__About this exercise__:
From the first line to the last, print the data exactly as written.

====== Data provided ======

Lemma dense_range_surjective : dense_range A -> forall y, exists x, A x = y.
Proof.
move=> A_dense y; have [c c0 A_ker] := dist_kernel_le.
have X_ex n : exists x, rnorm (A x - y) < n.+1%:R^-1 by apply: A_dense; rewrite invr_gt0.
have [X AX] := choice X_ex.
have [Z XZ] := choice (fun n => A_ker (X n)).
pose M := c * (rnorm y + 1) + 1.
have M0 : 0 < M by apply: ltr_wpDl ltr01; rewrite mulr_ge0 ?addr_ge0 ?rnorm_ge0 // ltW.
pose w n := X n - Z n.
have Aw n : A (w n) = A (X n).
  by rewrite (clinearB A_lin); have [-> _] := XZ n; rewrite subr0.
have w_le n : rnorm (w n) <= M.
  have [_ XZ_le] := XZ n; apply: le_trans XZ_le _; rewrite lerD2r.
  apply/(ler_wpM2l (ltW c0))/ltW.
  have := ler_rnormD (A (X n) - y) y; rewrite subrK => /le_lt_trans; apply.
  by rewrite addrC ltrD2l; apply: lt_le_trans (AX n) _; rewrite invf_le1 ?ler1n.
pose u n := (M^-1)%:C *: w n.
have [p clp] : exists p, cluster_pt ((fun x => A x - x) \o u) p.
  apply: A_compact => n; rewrite /u rnormZ_ge0 ?invr_ge0 ?(ltW M0) //.
  by rewrite ler_pdivrMl // mulr1.
exists (y - M%:C *: p); apply: approx_graph_eq => e e0.
have Me : 0 < e / (1 + M) by rewrite divr_gt0 // addr_gt0.
have [n [up AXy]] := cluster_pt_approx clp AX _ Me.
exists (w n); rewrite Aw; split.
  apply: lt_le_trans AXy _; rewrite ler_pdivrMr ?(addr_gt0 ltr01 M0) //.
  by apply: ler_peMr; rewrite ?lerDl ltW.
have -> : w n - (y - M%:C *: p) = (A (X n) - y) - M%:C *: ((A (u n) - u n) - p).
  rewrite /u (clinearZ A_lin) Aw -scalerBr [M%:C *: (_ - p)]scalerBr scalerA.
  rewrite -rmorphM mulfV ?gt_eqF // rmorph1 scale1r.
  move: (w n) (A (X n)) (M%:C *: p) => b a d.
  rewrite [a - y]addrC -[a - b - d]addrA -opprD addrKA opprK opprB.
  by rewrite [RHS]addrCA [- y + d]addrC.
apply: le_lt_trans (ler_rnormD _ _) _; rewrite rnormN rnormZ_ge0 ?(ltW M0) //.
have -> : e = e / (1 + M) + M * (e / (1 + M)).
  by rewrite -[X in _ = X + _]mul1r -mulrDl mulrC divfK // gt_eqF // addr_gt0.
by rewrite ltrD // ltr_pM2l.
Qed.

======

__Solution__:
Lemma dense_range_surjective : dense_range A -> forall y, exists x, A x = y.
Proof.
move=> A_dense y; have [c c0 A_ker] := dist_kernel_le.
have X_ex n : exists x, rnorm (A x - y) < n.+1%:R^-1 by apply: A_dense; rewrite invr_gt0.
have [X AX] := choice X_ex.
have [Z XZ] := choice (fun n => A_ker (X n)).
pose M := c * (rnorm y + 1) + 1.
have M0 : 0 < M by apply: ltr_wpDl ltr01; rewrite mulr_ge0 ?addr_ge0 ?rnorm_ge0 // ltW.
pose w n := X n - Z n.
have Aw n : A (w n) = A (X n).
  by rewrite (clinearB A_lin); have [-> _] := XZ n; rewrite subr0.
have w_le n : rnorm (w n) <= M.
  have [_ XZ_le] := XZ n; apply: le_trans XZ_le _; rewrite lerD2r.
  apply/(ler_wpM2l (ltW c0))/ltW.
  have := ler_rnormD (A (X n) - y) y; rewrite subrK => /le_lt_trans; apply.
  by rewrite addrC ltrD2l; apply: lt_le_trans (AX n) _; rewrite invf_le1 ?ler1n.
pose u n := (M^-1)%:C *: w n.
have [p clp] : exists p, cluster_pt ((fun x => A x - x) \o u) p.
  apply: A_compact => n; rewrite /u rnormZ_ge0 ?invr_ge0 ?(ltW M0) //.
  by rewrite ler_pdivrMl // mulr1.
exists (y - M%:C *: p); apply: approx_graph_eq => e e0.
have Me : 0 < e / (1 + M) by rewrite divr_gt0 // addr_gt0.
have [n [up AXy]] := cluster_pt_approx clp AX _ Me.
exists (w n); rewrite Aw; split.
  apply: lt_le_trans AXy _; rewrite ler_pdivrMr ?(addr_gt0 ltr01 M0) //.
  by apply: ler_peMr; rewrite ?lerDl ltW.
have -> : w n - (y - M%:C *: p) = (A (X n) - y) - M%:C *: ((A (u n) - u n) - p).
  rewrite /u (clinearZ A_lin) Aw -scalerBr [M%:C *: (_ - p)]scalerBr scalerA.
  rewrite -rmorphM mulfV ?gt_eqF // rmorph1 scale1r.
  move: (w n) (A (X n)) (M%:C *: p) => b a d.
  rewrite [a - y]addrC -[a - b - d]addrA -opprD addrKA opprK opprB.
  by rewrite [RHS]addrCA [- y + d]addrC.
apply: le_lt_trans (ler_rnormD _ _) _; rewrite rnormN rnormZ_ge0 ?(ltW M0) //.
have -> : e = e / (1 + M) + M * (e / (1 + M)).
  by rewrite -[X in _ = X + _]mul1r -mulrDl mulrC divfK // gt_eqF // addr_gt0.
by rewrite ltrD // ltr_pM2l.
Qed.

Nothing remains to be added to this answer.